■ What is expected ■
Below this line is the material. Write out only its lines from the one containing "(-1 / (2 * 'i)) * (omega" through the one containing "3^-1 * (- (2 * 'i) * etaF", both kept, exactly.

____ Records

(* An element  bar(b)  of the conjugate space  bar(Omega^1)
   is represented by b : Om, so [omega a b] stands for  omega(a, bar b)
   (linear in a, conjugate-linear in b). *)
Record DiffData (C : numClosedFieldType) (A : algType C) (Om : lmodType C) := {
  star : A -> A;
  lact : A -> Om -> Om;
  ract : Om -> A -> Om;
  d : A -> Om;
  omega : Om -> Om -> C;
  etaF : A -> C;
  star_add : forall x y, star (x + y) = star x + star y;
  star_scale : forall (c : C) x, star (c *: x) = (c^*) *: star x;
  star_mul : forall x y, star (x * y) = star y * star x;
  star_invol : forall x, star (star x) = x;
  lact_addl : forall x y a, lact (x + y) a = lact x a + lact y a;
  lact_addr : forall x a b, lact x (a + b) = lact x a + lact x b;
  lact_scalel : forall (c : C) x a, lact (c *: x) a = c *: lact x a;
  lact_scaler : forall (c : C) x a, lact x (c *: a) = c *: lact x a;
  lact_mul : forall x y a, lact (x * y) a = lact x (lact y a);
  lact_one : forall a, lact 1 a = a;
  ract_addl : forall a b x, ract (a + b) x = ract a x + ract b x;
  ract_addr : forall a x y, ract a (x + y) = ract a x + ract a y;
  ract_scalel : forall (c : C) a x, ract (c *: a) x = c *: ract a x;
  ract_scaler : forall (c : C) a x, ract a (c *: x) = c *: ract a x;
  ract_mul : forall a x y, ract a (x * y) = ract (ract a x) y;
  ract_one : forall a, ract a 1 = a;
  lact_ract : forall x a y, lact x (ract a y) = ract (lact x a) y;
  d_add : forall x y, d (x + y) = d x + d y;
  d_scale : forall (c : C) x, d (c *: x) = c *: d x;
  d_leibniz : forall x y, d (x * y) = ract (d x) y + lact x (d y);
  omega_addl : forall a a' b, omega (a + a') b = omega a b + omega a' b;
  omega_scalel : forall (c : C) a b, omega (c *: a) b = c * omega a b;
  omega_addr : forall a b b', omega a (b + b') = omega a b + omega a b';
  omega_scaler : forall (c : C) a b, omega a (c *: b) = (c^*) * omega a b;
  omega_herm : forall a b, omega a b = (omega b a)^*;
  omega_bimod : forall f g a b,
      omega (ract (lact f a) g) b = omega a (ract (lact (star f) b) (star g));
  omega_pos : forall a, a != 0 -> 0 < omega a a;
  eta_add : forall x y, etaF (x + y) = etaF x + etaF y;
  eta_scale : forall (c : C) x, etaF (c *: x) = c * etaF x;
  eta_star : forall f, etaF (star f) = - (etaF f)^*;
  eta_comm : forall f g, etaF (f * g - g * f) =
      (-1 / (2 * 'i)) * (omega (d f) (d (star g)) - omega (d g) (d (star f)))
}.

Section Defs.
Variables (C : numClosedFieldType) (A : algType C) (Om : lmodType C).
Variable D : DiffData A Om.

(* Bimodule structure on bar(Omega^1), on representatives:
   f . bar(b) = bar(b star f),   bar(b) . g = bar(star g b). *)
Definition barL (f : A) (b : Om) : Om := ract D b (star D f).
Definition barR (b : Om) (g : A) : Om := lact D (star D g) b.
(* representative of d^dagger f = - bar(d (star f)) *)
Definition dagd (f : A) : Om := - d D (star D f).

(* An element of BB = A (+) Omega^1 (+) bar(Omega^1), the third component
   being the representative of the bar element. *)
Definition BB := (A * Om * Om)%type.

(* left action of A on BB (g = 1 in the bimodule formula; d1 = d^dagger 1 = 0) *)
Definition BB_lact (f : A) (x : BB) : BB :=
  (f * x.1.1, lact D f x.1.2, barL f x.2).

(* The trilinear form Xi on BB x BB x BB, as the sum of its values on the
   components (unlisted type combinations contribute 0). *)
Definition Xi_fff (f1 f2 f3 : A) : C :=
  let t := fun fa fb fc : A =>
     3^-1 * (- (2 * 'i) * etaF D (fa * fb * fc)
             - omega D (d D fa) (barR (dagd fb) fc)
             + omega D (ract D (d D fb) fc) (dagd fa)) in
  t f1 f2 f3 + t f2 f3 f1 + t f3 f1 f2.

Definition Xi (x y z : BB) : C :=
  let: (f1, a1, b1) := x in
  let: (f2, a2, b2) := y in
  let: (f3, a3, b3) := z in
  Xi_fff f1 f2 f3
  + omega D a1 (barR (dagd f2) f3)
  + omega D a2 (barR (dagd f3) f1)
  + omega D a3 (barR (dagd f1) f2)
  - omega D (ract D (d D f2) f3) b1
  - omega D (ract D (d D f3) f1) b2
  - omega D (ract D (d D f1) f2) b3
  - omega D a1 (barR b2 f3)
  - omega D a2 (barR b3 f1)
  - omega D a3 (barR b1 f2)
  + omega D (ract D a2 f3) b1
  + omega D (ract D a3 f1) b2
  + omega D (ract D a1 f2) b3.

Variable n : nat.

Definition mxAO (M : 'M[A]_n) (X : 'M[Om]_n) : 'M[Om]_n :=
  \matrix_(i, j) \sum_k lact D (M i k) (X k j).
Definition mxOA (X : 'M[Om]_n) (M : 'M[A]_n) : 'M[Om]_n :=
  \matrix_(i, j) \sum_k ract D (X i k) (M k j).

Definition Acan (P : 'M[A]_n) : 'M[Om]_n :=
  mxAO (\matrix_(i, j) (P i j *+ 2 - (i == j)%:R)) (map_mx (d D) P).

(* N_jk = (delta_jk, A_jk, (A^dagger)_jk); (A^dagger)_jk = bar(A_kj) *)
Definition Nmx (Am : 'M[Om]_n) (j k : 'I_n) : BB :=
  ((j == k)%:R, Am j k, Am k j).

Definition Xi_trace_C3 (Am : 'M[Om]_n) (u : 'M[A]_n) : C :=
  \sum_i \sum_j \sum_k \sum_l
     Xi (BB_lact (u i j) (Nmx Am j k)) (Nmx Am k l) (Nmx Am l i).

Definition omega_symp (B Cm : 'M[Om]_n) : C :=
  'Im (\sum_i \sum_j omega D (B i j) (Cm i j)).

Definition commAu (Am : 'M[Om]_n) (u : 'M[A]_n) : 'M[Om]_n :=
  mxOA Am u - mxAO u Am.

End Defs.

(* Expanding Xi on [u N (x) N (x) N], the Kronecker-delta components of N
   collapse the quadruple sum to five terms: the eta-term on the diagonal of
   u, the pairing of A with du and its conjugate, and the two cubic terms
   omega(u A, A) and omega(A u, A).  Antihermiticity of u makes both cubic
   terms purely imaginary, and they are the two halves of the pairing of A
   with [A, u]; everything then recombines through Im z = i (z^* - z) / 2. *)

From HB Require Import structures.
From mathcomp Require Import all_boot all_order all_algebra ring.
Import Order.TTheory GRing.Theory Num.Theory.
Set Implicit Arguments.
Unset Strict Implicit.
Unset Printing Implicit Defensive.
Local Open Scope ring_scope.

Section DiffDataFacts.
Variables (C : numClosedFieldType) (A : algType C) (Om : lmodType C).
Variable D : DiffData A Om.

Lemma star1 : star D 1 = 1.
Proof.
have star1r x : x * star D 1 = x.
  by rewrite -{1}(star_invol D x) -star_mul mul1r star_invol.
by rewrite -{2}(star1r 1) mul1r.
Qed.

Lemma star0 : star D 0 = 0.
Proof. by rewrite -[X in star D X](scale0r 0) star_scale conjC0 !scale0r. Qed.

Lemma d0 : d D 0 = 0.
Proof. by rewrite -[X in d D X](scale0r 0) d_scale !scale0r. Qed.

Lemma d1 : d D 1 = 0.
Proof.
have := d_leibniz D 1 1; rewrite mulr1 lact_one ract_one => d11.
by apply: (@addrI _ (d D 1)); rewrite addr0 -d11.
Qed.

Lemma dN x : d D (- x) = - d D x.
Proof. by rewrite -(scaleN1r x) d_scale scaleN1r. Qed.

Lemma lact0l a : lact D 0 a = 0.
Proof. by rewrite -(scale0r (0 : A)) lact_scalel scale0r. Qed.

Lemma lact0r x : lact D x 0 = 0.
Proof. by rewrite -[X in lact D x X](scale0r 0) lact_scaler scale0r. Qed.

Lemma lactNl x a : lact D (- x) a = - lact D x a.
Proof. by rewrite -(scaleN1r x) lact_scalel scaleN1r. Qed.

Lemma ract0l x : ract D 0 x = 0.
Proof. by rewrite -[X in ract D X x](scale0r 0) ract_scalel scale0r. Qed.

Lemma ract0r a : ract D a 0 = 0.
Proof. by rewrite -(scale0r (1 : A)) ract_scaler scale0r. Qed.

Lemma ractNr a x : ract D a (- x) = - ract D a x.
Proof. by rewrite -(scaleN1r x) ract_scaler scaleN1r. Qed.

Lemma eta0 : etaF D 0 = 0.
Proof. by rewrite -(scale0r (0 : A)) eta_scale mul0r. Qed.

Lemma eta_sum I (r : seq I) (P : pred I) (F : I -> A) :
  etaF D (\sum_(i <- r | P i) F i) = \sum_(i <- r | P i) etaF D (F i).
Proof. exact: (big_morph _ (eta_add D) eta0). Qed.

Lemma omega0l b : omega D 0 b = 0.
Proof. by rewrite -[X in omega D X b](scale0r 0) omega_scalel mul0r. Qed.

Lemma omega0r a : omega D a 0 = 0.
Proof. by rewrite -[X in omega D a X](scale0r 0) omega_scaler conjC0 mul0r. Qed.

Lemma omegaNl a b : omega D (- a) b = - omega D a b.
Proof. by rewrite -(scaleN1r a) omega_scalel mulN1r. Qed.

Lemma omega_suml b I (r : seq I) (P : pred I) (F : I -> Om) :
  omega D (\sum_(i <- r | P i) F i) b = \sum_(i <- r | P i) omega D (F i) b.
Proof.
exact: (big_morph (omega D ^~ b) (fun x y => omega_addl D x y b) (omega0l b)).
Qed.

Lemma conj_omega a b : (omega D a b)^* = omega D b a.
Proof. by rewrite (omega_herm D b a). Qed.

Lemma omega_lactr a g b :
  omega D a (lact D g b) = omega D (lact D (star D g) a) b.
Proof.
by rewrite -[lact D _ a](ract_one D) omega_bimod star_invol star1 ract_one.
Qed.

Lemma omega_ractr a g b :
  omega D a (ract D b g) = omega D (ract D a (star D g)) b.
Proof. by rewrite -[a in RHS](lact_one D) omega_bimod star1 star_invol lact_one. Qed.

Lemma Xi_lact_delta f (b1 b2 b3 : bool) a1 a1' a2 a2' a3 a3' :
  Xi D (BB_lact D f (b1%:R, a1, a1')) (b2%:R, a2, a2') (b3%:R, a3, a3') =
    (b1 && b2 && b3)%:R * (- (2 * 'i) * etaF D f)
  + (b1 && b2)%:R * omega D a3 (- d D (star D f))
  - (b1 && b2)%:R * omega D (d D f) a3'
  - b3%:R * omega D (lact D f a1) a2'
  - b1%:R * omega D a2 (lact D (star D f) a3')
  - b2%:R * omega D a3 (ract D a1' (star D f))
  + b3%:R * omega D a2 (ract D a1' (star D f))
  + b1%:R * omega D (ract D a3 f) a2'
  + b2%:R * omega D (lact D f a1) a3'.
Proof.
have thirds (x : C) : 3^-1 * x + 3^-1 * x + 3^-1 * x = x by field.
case: b1; case: b2; case: b3;
  rewrite /Xi /Xi_fff /BB_lact /barL /barR /dagd /= ?mul1r ?mul0r ?mulr1 ?mulr0
    ?star1 ?star0 ?d1 ?d0 ?oppr0 ?lact_one ?ract_one ?lact0l ?lact0r
    ?ract0l ?ract0r ?omega0l ?omega0r ?eta0 ?mul1r ?mul0r ?mulr1 ?mulr0
    ?addr0 ?subr0 ?thirds.
all: by rewrite ?oppr0 ?add0r ?sub0r.
Qed.

End DiffDataFacts.

Section KroneckerSums.
Variables (R : pzRingType) (n : nat).

Definition sum4 (F : 'I_n -> 'I_n -> 'I_n -> 'I_n -> R) : R :=
  \sum_i \sum_j \sum_k \sum_l F i j k l.

Lemma eq_sum4 F G : (forall i j k l, F i j k l = G i j k l) -> sum4 F = sum4 G.
Proof.
move=> eqFG; apply: eq_bigr => i _; apply: eq_bigr => j _.
by apply: eq_bigr => k _; apply: eq_bigr => l _.
Qed.

Lemma sum4D F G :
  sum4 (fun i j k l => F i j k l + G i j k l) = sum4 F + sum4 G.
Proof.
rewrite /sum4 -big_split; apply: eq_bigr => i _; rewrite -big_split.
apply: eq_bigr => j _; rewrite -big_split; apply: eq_bigr => k _.
exact: big_split.
Qed.

Lemma sum4N F : sum4 (fun i j k l => - F i j k l) = - sum4 F.
Proof.
rewrite /sum4 -sumrN; apply: eq_bigr => i _; rewrite -sumrN.
apply: eq_bigr => j _; rewrite -sumrN; apply: eq_bigr => k _.
exact: sumrN.
Qed.

Lemma sum_deltal (F : 'I_n -> R) k : \sum_l (k == l)%:R * F l = F k.
Proof.
rewrite (bigD1 k) //= eqxx mul1r big1 ?addr0 // => l.
by rewrite eq_sym => /negbTE ->; rewrite mul0r.
Qed.

Lemma sum_deltar (F : 'I_n -> R) k : \sum_l (l == k)%:R * F l = F k.
Proof. by rewrite -[RHS](sum_deltal F); apply: eq_bigr => l _; rewrite eq_sym. Qed.

Lemma natr_andb (a b : bool) : (a && b)%:R = a%:R * b%:R :> R.
Proof. by rewrite -mulnb natrM. Qed.

Lemma sum4_delta_jk H :
  sum4 (fun i j k l => (j == k)%:R * H i j k l) = \sum_i \sum_j \sum_l H i j j l.
Proof.
apply: eq_bigr => i _; apply: eq_bigr => j _.
under eq_bigr => k _ do rewrite -mulr_sumr.
exact: (sum_deltal (fun k => \sum_l H i j k l)).
Qed.

Lemma sum4_delta_kl H :
  sum4 (fun i j k l => (k == l)%:R * H i j k l) = \sum_i \sum_j \sum_k H i j k k.
Proof.
apply: eq_bigr => i _; apply: eq_bigr => j _; apply: eq_bigr => k _.
exact: sum_deltal.
Qed.

Lemma sum4_delta_li H :
  sum4 (fun i j k l => (l == i)%:R * H i j k l) = \sum_i \sum_j \sum_k H i j k i.
Proof.
apply: eq_bigr => i _; apply: eq_bigr => j _; apply: eq_bigr => k _.
exact: sum_deltar.
Qed.

Lemma sum4_delta_jkl H :
  sum4 (fun i j k l => ((j == k) && (k == l))%:R * H i j l)
  = \sum_i \sum_j H i j j.
Proof.
apply: eq_bigr => i _; apply: eq_bigr => j _.
under eq_bigr => k _ do under eq_bigr => l _ do rewrite natr_andb -mulrA.
under eq_bigr => k _ do rewrite -mulr_sumr sum_deltal.
exact: sum_deltal.
Qed.

Lemma sum4_delta_jkli G :
  sum4 (fun i j k l => ((j == k) && (k == l) && (l == i))%:R * G i j)
  = \sum_i G i i.
Proof.
rewrite (eq_sum4 (G := fun i j k l =>
  ((j == k) && (k == l))%:R * ((l == i)%:R * G i j))); last first.
  by move=> i j k l; rewrite natr_andb mulrA.
by rewrite sum4_delta_jkl; apply: eq_bigr => i _; apply: sum_deltar.
Qed.

End KroneckerSums.

Section MomentMap.
Variables (C : numClosedFieldType) (A : algType C) (Om : lmodType C).
Variable D : DiffData A Om.
Variable n : nat.
Implicit Types (Am B Cm : 'M[Om]_n) (u : 'M[A]_n).

(* Stated with [^*] rather than left to [rmorph_sum]/[rmorphB], whose results
   carry the generic rmorphism coercion that [conj_omega] does not match. *)
Lemma conjC_sum I (r : seq I) (P : pred I) (F : I -> C) :
  (\sum_(i <- r | P i) F i)^* = \sum_(i <- r | P i) (F i)^*.
Proof. exact: rmorph_sum. Qed.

________

■ Solution below ■
      (-1 / (2 * 'i)) * (omega (d f) (d (star g)) - omega (d g) (d (star f)))
}.

Section Defs.
Variables (C : numClosedFieldType) (A : algType C) (Om : lmodType C).
Variable D : DiffData A Om.

(* Bimodule structure on bar(Omega^1), on representatives:
   f . bar(b) = bar(b star f),   bar(b) . g = bar(star g b). *)
Definition barL (f : A) (b : Om) : Om := ract D b (star D f).
Definition barR (b : Om) (g : A) : Om := lact D (star D g) b.
(* representative of d^dagger f = - bar(d (star f)) *)
Definition dagd (f : A) : Om := - d D (star D f).

(* An element of BB = A (+) Omega^1 (+) bar(Omega^1), the third component
   being the representative of the bar element. *)
Definition BB := (A * Om * Om)%type.

(* left action of A on BB (g = 1 in the bimodule formula; d1 = d^dagger 1 = 0) *)
Definition BB_lact (f : A) (x : BB) : BB :=
  (f * x.1.1, lact D f x.1.2, barL f x.2).

(* The trilinear form Xi on BB x BB x BB, as the sum of its values on the
   components (unlisted type combinations contribute 0). *)
Definition Xi_fff (f1 f2 f3 : A) : C :=
  let t := fun fa fb fc : A =>
     3^-1 * (- (2 * 'i) * etaF D (fa * fb * fc)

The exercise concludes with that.